Non ! Parce que dans sa vie d’homme politique, Seydou Badian n’a pas connu une bonne expérience avec les militaires. Emprisonné suite au coup d’Etat de Moussa Traoré en 1968, il a gardé une très mauvaise expérience de ce régime. Il en parle d’ailleurs dans ses interviews, accusant les militaires d’avoir été à la base de l’échec du Mali après les indépendances, en assassinant le nationaliste Modibo Keita. Pour montrer le mauvais impact du régime militaire de Moussa Traoré sur le Mali, Seydou Badian a l’habitude d’évoquer toutes les réalisations du régime de Modibo Keita que les militaires ont durant leur règne sanguinaire vilipendées. Qu’est-ce qui peut donc pousser cet intellectuel, déjà victime de la barbarie sans nom de ces militaires qui se retrouvent au pouvoir, à soutenir, fût-ce à mots couverts, le putsch le plus ridicule et le plus injustifiable de notre époque ?

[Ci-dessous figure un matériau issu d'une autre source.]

Lemma boolean_iso_subset (G : riesz) (f : set point -> set G) W1 W2 :
  boolean_iso f -> prod_clopen W1 -> prod_clopen W2 -> f W1 `<=` f W2 <-> W1 `<=` W2.
Proof.
move=> [_ [_ [f_inj [fI _]]]] cW1 cW2; split=> [fW12|W12]; last first.
  by rewrite -(setIidl W12) fI //; exact: subIsetr.
have <- : W1 `&` W2 = W1.
  by apply: f_inj; rewrite ?fI ?(setIidl fW12) //; exact: prod_clopen_setI.
exact: subIsetr.
Qed.

Lemma boolean_iso_clopen_sup (G : riesz) (f : set point -> set G) (Fam : set (set point)) :
  boolean_iso f -> Fam `<=` @prod_clopen E F -> exists W, is_clopen_sup Fam W.
Proof.
move=> fiso cFam; have [fband [fsurj _]] := fiso.
pose ub := [set B | is_band B /\ forall V, Fam V -> f V `<=` B].
have [W [cW fW]] := fsurj _ (band_bigcap (fun B (ubB : ub B) => ubB.1)).
exists W; split => //; split.
  move=> V FamV; apply/(boolean_iso_subset fiso (cFam _ FamV) cW).
  by rewrite fW => x fVx B [_ /(_ V FamV)]; apply.
move=> W' cW' ubW'; apply/(boolean_iso_subset fiso cW cW'); rewrite fW => x.
apply; split; first exact: fband.
by move=> V FamV; apply/(boolean_iso_subset fiso (cFam _ FamV) cW')/ubW'.
Qed.

End ProductStone.

Section RectangleSequence.
Variables E F : riesz.

Lemma rect_seq_no_clopen_sup (A : nat -> set E) (B : nat -> set F) W :
  disjoint_bands A -> disjoint_bands B ->
  ~ is_clopen_sup [set rect (A n) (B n) | n in setT] W.
Proof.
move=> [bA [nzA dA]] [bB [nzB dB]] [cW [ubW lubW]].
have rectW n : rect (A n) (B n) `<=` W by apply: ubW; exists n.
have /choice [Us UsA] n : exists U : stone E, sval U (A n) by exact: stone_of_band.
have /choice [Vs VsB] n : exists V : stone F, sval V (B n) by exact: stone_of_band.
have [UU [UF ooUU]] := ultraFilterLemma eventually_filter.
pose p := (stone_limit UF Us, stone_limit UF Vs).
(* Every basic neighbourhood of [p] contains some [(Us n, Vs n)], and [W] is closed. *)
have Wp : W p.
  apply: contrapT => nWp; have [P [Q [_ [_ [+ [+ PQnW]]]]]] := cW.2 p nWp.
  rewrite /p /= => pP pQ.
  have [n [Pn Qn]] := filter_ex (filterI pP pQ).
  by apply: (PQnW (Us n, Vs n) Pn Qn); apply: rectW; split; [exact: UsA|exact: VsB].
have [P [Q [bP [bQ [+ [+ PQW]]]]]] := cW.1 p Wp.
rewrite /p /= => pP pQ.
have [n [Pn Qn]] := filter_ex (filterI pP pQ).
have /filter_ex [m [[Pm Qm] mn]] :
    UU ([set k | sval (Us k) P] `&` [set k | sval (Vs k) Q] `&` [set k | k <> n]).
  apply: filterI (filterI pP pQ) _; apply: ooUU.
  by exists n.+1 => // k /= nk kn; rewrite kn ltnn in nk.
(* [(Us n, Vs m)] is in [W] and in [K], but [K] meets no [rect (A k) (B k)]. *)
pose K := rect (P `&` A n) (Q `&` B m).
have : W `<=` W `&` ~` K.
  apply: lubW.
    apply: prod_clopen_setI cW (prod_clopen_setC (prod_clopen_rect _ _));
    exact: band_setI.
  move=> _ [k _ <-] r rABk; split; first exact: rectW rABk.
  case: rABk => rAk rBk [rPAn rQBm]; have [kn|kn] := pselect (k = n).
    rewrite kn in rBk.
    by apply: stone_disj rBk (stoneS rQBm (bB m) (@subIsetr _ _ _)) (dB _ _ _); exact/nesym.
  exact: stone_disj rAk (stoneS rPAn (bA n) (@subIsetr _ _ _)) (dA _ _ kn).
move=> /(_ (Us n, Vs m) (PQW (Us n, Vs m) Pn Qm)) [_]; apply.
by split; apply: stoneI; [exact: Pn|exact: UsA|exact: Qm|exact: VsB].
Qed.

End RectangleSequence.
Lemma excess_ge0_defect_ge0 t1 t2 t3 : 0 <= t1 -> 0 <= t2 -> 0 <= t3 ->
  0 <= defect t1 -> 0 <= defect t2 -> 0 <= defect t3 -> 0 <= excess t1 t2 t3.
Proof.
move=> t10 t20 t30 w1 w2 w3.
have X_ge0 t : 0 <= (1 + E) * t ^+ 2 by rewrite mulr_ge0 ?sqr_ge0 ?addr_ge0.
have W_le t : 0 <= t -> defect t <= (1 + E) * t ^+ 2 by rewrite /defect; lra.
have prodW : (1 + E) ^+ 3 * (t1 * t2 * t3) ^+ 2 - (1 + E) ^+ 2 *
    (t1 * (t2 * t3) ^+ 2 + t2 * (t1 * t3) ^+ 2 + t3 * (t1 * t2) ^+ 2)
    <= defect t1 * defect t2 * defect t3.
  have i1 : defect t1 * t2 * ((1 + E) * t3 ^+ 2) <=
      (1 + E) * t1 ^+ 2 * t2 * ((1 + E) * t3 ^+ 2).
    by rewrite !ler_wpM2r ?W_le.
  have i2 : defect t1 * defect t2 * t3 <=
      (1 + E) * t1 ^+ 2 * ((1 + E) * t2 ^+ 2) * t3.
    by rewrite ler_wpM2r // ler_pM ?W_le.
  have -> : defect t1 * defect t2 * defect t3 =
      (1 + E) ^+ 3 * (t1 * t2 * t3) ^+ 2 - t1 * ((1 + E) * t2 ^+ 2) * ((1 + E) * t3 ^+ 2)
      - defect t1 * t2 * ((1 + E) * t3 ^+ 2) - defect t1 * defect t2 * t3.
    by rewrite /defect; ring.
  lra.
have b t t' t'' : 0 <= t -> 0 <= (t' * t'') ^+ 2 *
    (E ^+ 2 * slack t - (2 * (1 + E) ^+ 2 * t - (1 + E) ^+ 3 / 3 * t ^+ 2)).
  by move=> t0; rewrite mulr_ge0 ?sqr_ge0 // subr_ge0 slack_bound.
have := b _ t2 t3 t10; have := b _ t1 t3 t20; have := b _ t1 t2 t30.
have := slack_sens1_ge t2 t3 t10; have := slack_sens1_ge t1 t3 t20.
have := slack_sens1_ge t1 t2 t30.
rewrite /excess; lra.
Qed.
(* Let $(\Gamma,M)$ be an E-GCM graph with Coxeter group $W$, and let $J\subseteq I_n$ be such that the parabolic subgroup $W_J$ is finite. Let $s_{i_p}\cdots s_{i_2}s_{i_1}$ be any reduced expression for an element of $W^J$, and let $\lambda\in C_J$. Then for each $1\le q\le p$, $(\gamma_{i_1},\dots,\gamma_{i_q})$ is a legal sequence of node firings in a numbers game played from the initial position $\lambda$ (i.e. for each $q$, the population at $\gamma_{i_q}$ is positive after firing $\gamma_{i_1},\dots,\gamma_{i_{q-1}}$ in order).
   Context: E-GCM $M=(M_{ij})_{i,j\in I_n}$: real, $M_{ii}=2$, $M_{ij}\le0$ ($i\ne j$), $M_{ij}\ne0\iff M_{ji}\ne0$, nonzero $M_{ij}M_{ji}$ either $\ge4$ or $=4\cos^2(\pi/m)$ with $m\ge3$ integer; E-GCM graph with nodes $\gamma_i$, adjacent iff $M_{ij}\ne0$. Positions $\lambda=(\lambda_i)\in\mathbb{R}^n$; firing $\gamma_i$ is allowed iff $\lambda_i>0$ and replaces each $\lambda_j$ by $\lambda_j-M_{ij}\lambda_i$. $W$: Coxeter group with generators $s_i$, $s_i^2=e$, $(s_is_j)^{m_{ij}}=e$, $m_{ij}=k$ if $M_{ij}M_{ji}=4\cos^2(\pi/k)$ ($k\ge2$), $m_{ij}=\infty$ if $M_{ij}M_{ji}\ge4$; $\ell$ = length. For $J\subseteq I_n$, $W_J$ is the subgroup generated by $\{s_j\}_{j\in J}$ and $W^J=\{w\in W:\ell(ws_j)>\ell(w)\ \forall j\in J\}$. $C_J$ is the set of positions $\lambda$ with $\lambda_j=0$ for $j\in J$ and $\lambda_i>0$ for $i\notin J$. *)

From mathcomp Require Import all_boot.
From Stdlib Require Import Reals.
Set Implicit Arguments.
Unset Strict Implicit.
Unset Printing Implicit Defensive.

Definition is_EGCM (n : nat) (M : 'I_n -> 'I_n -> R) : Prop :=
  (forall i, M i i = 2%R) /\
  (forall i j, i != j -> (M i j <= 0)%R) /\
  (forall i j, M i j <> 0%R <-> M j i <> 0%R) /\
  (forall i j, i != j -> M i j <> 0%R ->
     (4 <= M i j * M j i)%R \/
     (exists m : nat, leq 3 m /\ M i j * M j i = 4 * (cos (PI / INR m)) ^ 2)%R).

(* Defining relators of the Coxeter group W: words r with r = e in W.
   s_i^2 = e, and (s_i s_j)^k = e when i <> j and M_ij M_ji = 4 cos^2(pi/k), k >= 2
   (i.e. m_ij = k); no relator when M_ij M_ji >= 4 (m_ij = infinity). *)
Definition cox_relator (n : nat) (M : 'I_n -> 'I_n -> R) (r : seq 'I_n) : Prop :=
  (exists i, r = [:: i; i]) \/
  (exists i j (k : nat), i != j /\ 2 <= k /\
     (M i j * M j i = 4 * (cos (PI / INR k)) ^ 2)%R /\
     r = flatten (nseq k [:: i; j])).

(* Words w = [:: a1; ...; ak] represent s_a1 s_a2 ... s_ak in W.
   coxeq M u v : u and v represent the same element of W
   (congruence generated by the relators). *)
Inductive coxeq (n : nat) (M : 'I_n -> 'I_n -> R) : seq 'I_n -> seq 'I_n -> Prop :=
| coxeq_refl w : coxeq M w w
| coxeq_sym u v : coxeq M u v -> coxeq M v u
| coxeq_trans u v w : coxeq M u v -> coxeq M v w -> coxeq M u w
| coxeq_rel u r v : cox_relator M r -> coxeq M (u ++ r ++ v) (u ++ v).

Definition cox_length (n : nat) (M : 'I_n -> 'I_n -> R) (w : seq 'I_n) (k : nat) : Prop :=
  (exists v, coxeq M v w /\ size v = k) /\ (forall v, coxeq M v w -> k <= size v).

Definition reduced (n : nat) (M : 'I_n -> 'I_n -> R) (w : seq 'I_n) : Prop :=
  forall v, coxeq M v w -> size w <= size v.

Definition parabolic_finite (n : nat) (M : 'I_n -> 'I_n -> R) (J : {set 'I_n}) : Prop :=
  exists L : seq (seq 'I_n),
    forall w : seq 'I_n, all (fun a => a \in J) w -> exists2 v, v \in L & coxeq M w v.

Definition in_min_coset_reps (n : nat) (M : 'I_n -> 'I_n -> R) (J : {set 'I_n})
  (w : seq 'I_n) : Prop :=
  forall j, j \in J -> forall a b, cox_length M (rcons w j) a -> cox_length M w b -> b < a.

Definition in_CJ (n : nat) (J : {set 'I_n}) (lam : 'I_n -> R) : Prop :=
  (forall j, j \in J -> lam j = 0%R) /\ (forall i, i \notin J -> (0 < lam i)%R).

Definition fire (n : nat) (M : 'I_n -> 'I_n -> R) (i : 'I_n) (lam : 'I_n -> R) : 'I_n -> R :=
  fun j => (lam j - M i j * lam i)%R.

Fixpoint legal_seq (n : nat) (M : 'I_n -> 'I_n -> R) (lam : 'I_n -> R) (s : seq 'I_n) : Prop :=
  match s with
  | [::] => True
  | i :: s' => (0 < lam i)%R /\ legal_seq M (fire M i lam) s'
  end.

From HB Require Import structures.
From mathcomp Require Import all_boot zify.
From Stdlib Require Import Reals Lra Lia FunctionalExtensionality Classical.
Set Implicit Arguments.
Unset Strict Implicit.
Unset Printing Implicit Defensive.

(* After firing t = [:: i_1; ...; i_(q-1)] from lam, the population at i = i_q is
   the pairing of lam with the root t alpha_i = s_(i_1) ... s_(i_(q-1)) alpha_i of
   Tits' geometric representation.  As t s_i is reduced, this root is a nonnegative
   combination of simple roots (positivity of roots, proved by the usual reduction to
   dihedral subgroups).  If its pairing with lam in C_J were not positive, the root
   would lie in the span of the alpha_j, j in J.  But (t s_i)^-1 is a right factor of
   an element of W^J, so it maps every such alpha_j, hence the root, to a nonnegative
   vector, whereas it maps t alpha_i to - alpha_i. *)

HB.instance Definition _ := Monoid.isComLaw.Build R R0 Rplus
  (fun a b c => esym (Rplus_assoc a b c)) Rplus_comm Rplus_0_l.
HB.instance Definition _ := Monoid.isMulLaw.Build R R0 Rmult Rmult_0_l Rmult_0_r.
HB.instance Definition _ :=
  Monoid.isAddLaw.Build R Rmult Rplus Rmult_plus_distr_r Rmult_plus_distr_l.

Section RealSums.
Local Open Scope R_scope.
Variable n : nat.

Lemma sum_ge0 (P : pred 'I_n) (F : 'I_n -> R) :
  (forall l, P l -> 0 <= F l) -> 0 <= \big[Rplus/0]_(l < n | P l) F l.
Proof.
move=> F_ge0; apply: (big_ind (fun x => 0 <= x)) => [|x y|l Pl]; [lra | lra | exact: F_ge0].
Qed.

Lemma sum_minus (F G : 'I_n -> R) :
  \big[Rplus/0]_(l < n) (F l - G l)
  = \big[Rplus/0]_(l < n) F l - \big[Rplus/0]_(l < n) G l.
Proof. by rewrite /Rminus big_split /= (big_morph Ropp Ropp_plus_distr Ropp_0). Qed.

Lemma sum_ge0_eq0 (F : 'I_n -> R) :
  (forall l, 0 <= F l) -> \big[Rplus/0]_(l < n) F l <= 0 -> forall l, F l = 0.
Proof.
move=> F_ge0 sum_le0 l; rewrite (bigD1 l) //= in sum_le0.
apply: Rle_antisym (F_ge0 l); apply: Rle_trans sum_le0.
by rewrite -{1}(Rplus_0_r (F l)); apply/Rplus_le_compat_l/sum_ge0.
Qed.

End RealSums.

Section GeometricRepresentation.
Local Open Scope R_scope.
Variables (n : nat) (M : 'I_n -> 'I_n -> R).

(* Tits' geometric representation of W attached to M: [refl t] is the reflection
   v |-> v - <alpha_t^v, v> alpha_t, where <alpha_t^v, alpha_l> = M t l. *)
Definition alpha (t : 'I_n) : 'I_n -> R := fun l => if l == t then 1 else 0.

Definition coroot (t : 'I_n) (v : 'I_n -> R) : R := \big[Rplus/0]_(l < n) (M t l * v l).

Definition refl (t : 'I_n) (v : 'I_n -> R) : 'I_n -> R :=
  fun l => v l - coroot t v * alpha t l.

Definition act (w : seq 'I_n) (v : 'I_n -> R) : 'I_n -> R := foldr refl v w.

Lemma sum_mul_alpha (F : 'I_n -> R) t : \big[Rplus/0]_(l < n) (F l * alpha t l) = F t.
Proof. by rewrite (bigD1 t) //= /alpha eqxx big1 => [|l /negbTE ->]; ring. Qed.

Lemma coroot_alpha t u : coroot t (alpha u) = M t u.
Proof. exact: sum_mul_alpha. Qed.

Lemma coroot_lin t x y (u v : 'I_n -> R) :
  coroot t (fun l => x * u l + y * v l) = x * coroot t u + y * coroot t v.
Proof. rewrite /coroot !big_distrr -big_split; apply: eq_bigr => l _ /=; ring. Qed.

Tout change, et nous devons vivre avec notre temps, s’insurge un personnage du roman Sous l’Orage. Oui, doyen, tout change, et votre pays, le Mali, doit vivre avec son temps. Si vous n’avez pas pu digérer les militaires en votre temps éloigné, ce n’est pas aujourd’hui, où au prix de leur vie des jeunes épris de liberté et de démocratie se jettent dans les rues pour réclamer leur fierté, dans tous les pays hypothéqués par des potentats hostiles à l’ordre et au développement, que vous devez cautionner un coup d’Etat. C’est une très grande honte pour votre pays, que vous aimez tant, et dont vous parlez avec tant de passion chaque fois qu’on vous en donne l’occasion, que des militaires sortent de leur caserne un soir et viennent subitement briser une démocratie de deux décennies. Une honte ineffable pour le Mali qu’un soldat perdu dans l’anonymat se réveille un matin avec un treillis et se retrouve le soir avec des habits de président de la République dans une république démocratique.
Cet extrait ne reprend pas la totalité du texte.